Figure 10.4 shows the Topic Evolution view for the Calgary Floods project.

In our experience, this feature has served us well. For many listening projects, we do not typically get a well-thought-out list of keywords. The listening team starts out with a beginning list of keywords and then uses the Topic Evolution function iteratively to enhance the list of keywords. The typical process followed in “keywords” development using Topic Evolution is illustrated in Figure 10.5.

Affinity Analysis in Reporting

In IBM Social Media Analytics, the reporting environment offers an Affinity measure for many reports. The Affinity measure analyzes how closely two dimensions (or attributes of a dimension) are related to each other. This helps analysts gain insight about possible strengths, weaknesses, opportunities, or threat areas based on the affinity between the dimensions or attributes.
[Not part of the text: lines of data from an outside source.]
Lemma sum_at_cap_ge : \sum_i p i true true - \sum_i p i false false <= \sum_i at_cap p i.
Proof.
have := p_sum1 false; rewrite big_split /= => sum1.
have : \sum_(i < n.+1) p i true false + \sum_(i < n.+1) p i true true
    = \sum_(i < n.+1) at_cap p i + \sum_(i < n.+1) Num.max (p i true false) (p i true true).
  by rewrite -!big_split /=; apply: eq_bigr => i _; rewrite /at_cap addr_min_max.
by move: iv_ineq1; lra.
Qed.

Lemma balancedE (N A : 'I_n.+1 -> R) :
  \sum_i (N i - A i - p i false false + p i true true)
  = \sum_i N i - \sum_i A i - \sum_i p i false false + \sum_i p i true true.
Proof. by rewrite big_split /= !sumrB. Qed.

Lemma sharp_strata_full_treated :
  \sum_i p i false false - \sum_i p i true true + \sum_i at_cap p i <= \sum_i nt_cap p i ->
  exists N A, sharp_strata N A.
Proof.
set T := _ + _ => T_le.
have T_ge0 : 0 <= T by have := sum_at_cap_ge; rewrite /T; lra.
have T_le_sum : T <= \sum_(i < n.+1) nt_cap p (inord i).
  by under eq_bigr do rewrite inord_val.
have [g [t [tn g_box g_sum g_below g_above]]] :=
  greedy_fill (fun i => nt_cap_ge0 (inord i)) T_ge0 T_le_sum (ltn0Sn n).
have N_box (a : 'I_n.+1) : 0 <= g a <= nt_cap p a by have := g_box a; rewrite inord_val.
have bal : \sum_(i < n.+1) (g i - at_cap p i - p i false false + p i true true) = 0.
  by rewrite balancedE g_sum /T; lra.
exists (fun a : 'I_n.+1 => g a), (at_cap p); split => // [b|].
  by rewrite lexx at_cap_ge0.
have [/andP [t_lt N_short] | not_S1] :=
  boolP ((t < n)%N && (\sum_(i : 'I_n.+1) g i < \sum_i nt_cap p i)).
  apply: (attains_S1 gamma p_sum1 bal t_lt) => // a ?.
    by rewrite g_below // inord_val.
  exact: g_above.
apply: (attains_S2 gamma bal) => // a a_lt.
case: (ltnP t n) not_S1 => [t_lt | t_ge] /=.
  rewrite -leNgt => N_full.
  have g_le (i : 'I_n.+1) : g i <= nt_cap p i by case/andP: (N_box i).
  apply: (ler_sum_eq g_le).
  by apply/eqP; rewrite eq_le N_full andbT; apply: ler_sum => i _.
by move=> _; rewrite g_below ?inord_val //; apply: leq_trans a_lt t_ge.
Qed.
The Affinities measure is based on a statistical method that is known as the chi-square test of independence. This method estimates how often two dimensions should occur together if they were independent (for example, products and product features). It compares the estimate with the actual count and identifies whether the difference is statistically significant (either higher or lower than expected). For the Calgary Floods project, the final model included a two-dimensional affinity matrix (see Figure 10.6).
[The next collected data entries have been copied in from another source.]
(* Let $G$ be a group which is the semidirect product of a normal subgroup $A$ and a subgroup $B$ (so $G=\langle A,B\rangle$, $A\trianglelefteq G$, $A\cap B=1$), with action $\theta:B\to \mathrm{Aut}(A)$, $\theta(b)(a)=a^b=b^{-1}ab$. Let $1\to R_1\to F_1\xrightarrow{\nu_1} A\to 1$ and $1\to R_2\to F_2\xrightarrow{\nu_2} B\to 1$ be free presentations of $A$ and $B$ (so $F_1,F_2$ are free groups, $\nu_1,\nu_2$ are epimorphisms with kernels $R_1,R_2$). Let $F=F_1*F_2$ be the free product, let $$S=\big\langle f_1^{-1}\overline{f_1}\,[f_2,f_1]\ \big|\ f_1,\overline{f_1}\in F_1,\ f_2\in F_2,\ \nu_1(\overline{f_1})=\theta(\nu_2 f_2)(\nu_1 f_1)\big\rangle^F,$$ and let $R=R_1^F R_2^F S$ (so that $1\to R\to F\to G\to 1$ is a free presentation of $G$). For $c\ge 1$ let $$\textstyle\prod[R_2,F_1,F_2]_c=\big\langle [r_2,f_1,\ldots,f_c]\ \big|\ r_2\in R_2,\ f_i\in F_1\cup F_2\ (1\le i\le c),\ f_k\in F_1 \text{ for some } k\big\rangle^F,$$ so that in particular $\prod[R_2,F_1,F_2]_1=[R_2,F_1]$. Then: (i) $R_1$ and $[R_2,F_1]$ are subgroups of $S$; (ii) $R=R_2S$; (iii) $R\cap\gamma_{c+1}(F)=(R_2\cap\gamma_{c+1}(F_2))(S\cap\gamma_{c+1}(F))$ for all $c\ge 1$; (iv) $[R,{}_cF]=[R_2,{}_cF_2]\,\prod[R_2,F_1,F_2]_c\,[S,{}_cF]$ for all $c\ge 1$.
   Context: Commutators are $[x,y]=x^{-1}y^{-1}xy$ and are left-normed: $[x_1,\ldots,x_{n+1}]=[[x_1,\ldots,x_n],x_{n+1}]$. For a subset $X$ of $F$, $X^F$ or $\langle X\rangle^F$ denotes the normal closure of (the subgroup generated by) $X$ in $F$. $\gamma_{c+1}(F)$ is the $(c+1)$-st term of the lower central series of $F$, and $[R,{}_cF]=[R,F,\ldots,F]$ with $c$ copies of $F$. *)

From Stdlib Require Import List.
Import ListNotations.

Record group := Group {
  carrier :> Type;
  gmul : carrier -> carrier -> carrier;
  ginv : carrier -> carrier;
  gone : carrier;
  gmulA : forall x y z, gmul x (gmul y z) = gmul (gmul x y) z;
  gmul1 : forall x, gmul gone x = x;
  gmulV : forall x, gmul (ginv x) x = gone
}.

Arguments gmul {g}.
Arguments ginv {g}.
Arguments gone {g}.

Section GroupDefs.
Variable F : group.

Definition subset := F -> Prop.

Definition comm (x y : F) : F := gmul (gmul (ginv x) (ginv y)) (gmul x y).

(* left-normed iterated commutator [x, y1, ..., yn] *)
Definition comm_list (x : F) (l : list F) : F := fold_left comm l x.

Definition conj (x g : F) : F := gmul (ginv g) (gmul x g).

Definition incl (X Y : subset) : Prop := forall x, X x -> Y x.
Definition seteq (X Y : subset) : Prop := forall x, X x <-> Y x.
Definition setI (X Y : subset) : subset := fun x => X x /\ Y x.
Definition setU (X Y : subset) : subset := fun x => X x \/ Y x.
Definition setT : subset := fun _ => True.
The vertical dimension shows a variety of geographical regions or parts affected by the flood. The horizontal dimension shows a number of issues or problem areas. The color of the cell corresponding to each combination of the Region and Issue indicates how strong the relationship is between the two dimensions. The darker the color, the more statistically significant is the relationship. For example, the matrix shows that the issue about Donations is quite strong in the Mission region. Similarly, the issues about insurance are quite strong in the region called Elbow Park. A table such as this can be used to prioritize actions in response to the issues when cities are faced with limited resources and limited time.

Figure 10.7 shows an expanded image of the top-left portion of this affinity matrix.
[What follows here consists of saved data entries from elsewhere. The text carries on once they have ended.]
Lemma firstn_S_new_unique (X : Type) k (l : list X) x y :
  In x (firstn (S k) l) -> ~ In x (firstn k l) ->
  In y (firstn (S k) l) -> ~ In y (firstn k l) -> x = y.
Proof.
  revert k; induction l as [|a l IH]; intros k Hx Hx' Hy Hy'; [destruct Hx|].
  destruct k as [|k]; simpl in *.
  - destruct Hx as [<-|[]]; destruct Hy as [<-|[]]; reflexivity.
  - destruct Hx as [<-|Hx]; [exfalso; auto|].
    destruct Hy as [<-|Hy]; [exfalso; auto|].
    exact (IH k Hx (fun H => Hx' (or_intror H)) Hy (fun H => Hy' (or_intror H))).
Qed.

Lemma firstn_filter (X : Type) (f : X -> bool) (l : list X) k :
  exists k0, firstn k (filter f l) = filter f (firstn k0 l).
Proof.
  revert k; induction l as [|a l IH]; intro k.
  - exists 0. destruct k; reflexivity.
  - destruct k as [|k]; [exists 0; reflexivity|].
    simpl. destruct (f a) eqn:Ha.
    + destruct (IH k) as [k0 E]. exists (S k0). simpl. rewrite Ha, E. reflexivity.
    + destruct (IH (S k)) as [k0 E]. exists (S k0). simpl. rewrite Ha. exact E.
Qed.

Definition bool_of_prop (P : Prop) : bool :=
  if excluded_middle_informative P then true else false.

Lemma In_filter_prop (X : Type) (P : X -> Prop) (l : list X) x :
  In x (filter (fun y => bool_of_prop (P y)) l) <-> In x l /\ P x.
Proof.
  rewrite filter_In. unfold bool_of_prop.
  destruct (excluded_middle_informative (P x)); intuition discriminate.
Qed.

Lemma finite_exists_maximal (X : Type) (R : X -> X -> Prop) (P : X -> Prop) (L : list X) :
  (forall x y z, R x y -> R y z -> R x z) -> (forall x, ~ R x x) ->
  forall x, P x -> (forall y, P y -> R x y -> In y L) ->
  exists m, P m /\ (m = x \/ R x m) /\ ~ (exists y, P y /\ R m y).
Proof.
  intros Htrans Hirr. induction L as [|a L IH]; intros x Hx HL.
  - exists x. split; [exact Hx|split; [left; reflexivity|]].
    intros [y [Hy Hxy]]. exact (HL y Hy Hxy).
  - destruct (classic (P a /\ R x a)) as [[Ha Hxa]|Hxa].
    + destruct (IH a Ha) as (m & Hm & Ham & Hmax).
      { intros y Hy Hay. destruct (HL y Hy (Htrans _ _ _ Hxa Hay)) as [<-|HyL]; auto.
        destruct (Hirr _ Hay). }
      exists m. split; [exact Hm|split; [|exact Hmax]].
      right. destruct Ham as [<-|Ham]; eauto.
    + apply IH; [exact Hx|]. intros y Hy Hxy.
      destruct (HL y Hy Hxy) as [<-|HyL]; [exfalso; auto|exact HyL].
Qed.

Lemma image_in (X Y : Type) (f : X -> Y) (x : X -> Prop) u : x u -> image f x (f u).
Proof. intro Hu. exists u. split; [exact Hu|reflexivity]. Qed.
The color of the cell indicates the level of affinity. The color red indicates a high affinity, orange is indicative of a medium affinity, and yellow indicates low affinity (gray is representative of no affinity or relationship). The number in each cell shows how many times the two dimensions occur together in the given dataset.

This example shows that there is a strong correlation between driving issues and the region BonnyBrook; this is implied by the strong red color of the cell. The same chart implies that the driving related concerns are not that relevant for the Victoria Park region. You might notice that the cell associated with downtown and clean up has a big number (435); however, based on statistical weight, the affinity between these two dimensions is considered to
be low.

Affinity analysis can be a very effective tool in understanding the relationship between different dimensions of a model built for a particular use case. It becomes a critical tool for assisting with prioritization of the follow-up actions resulting from this phase of the analysis.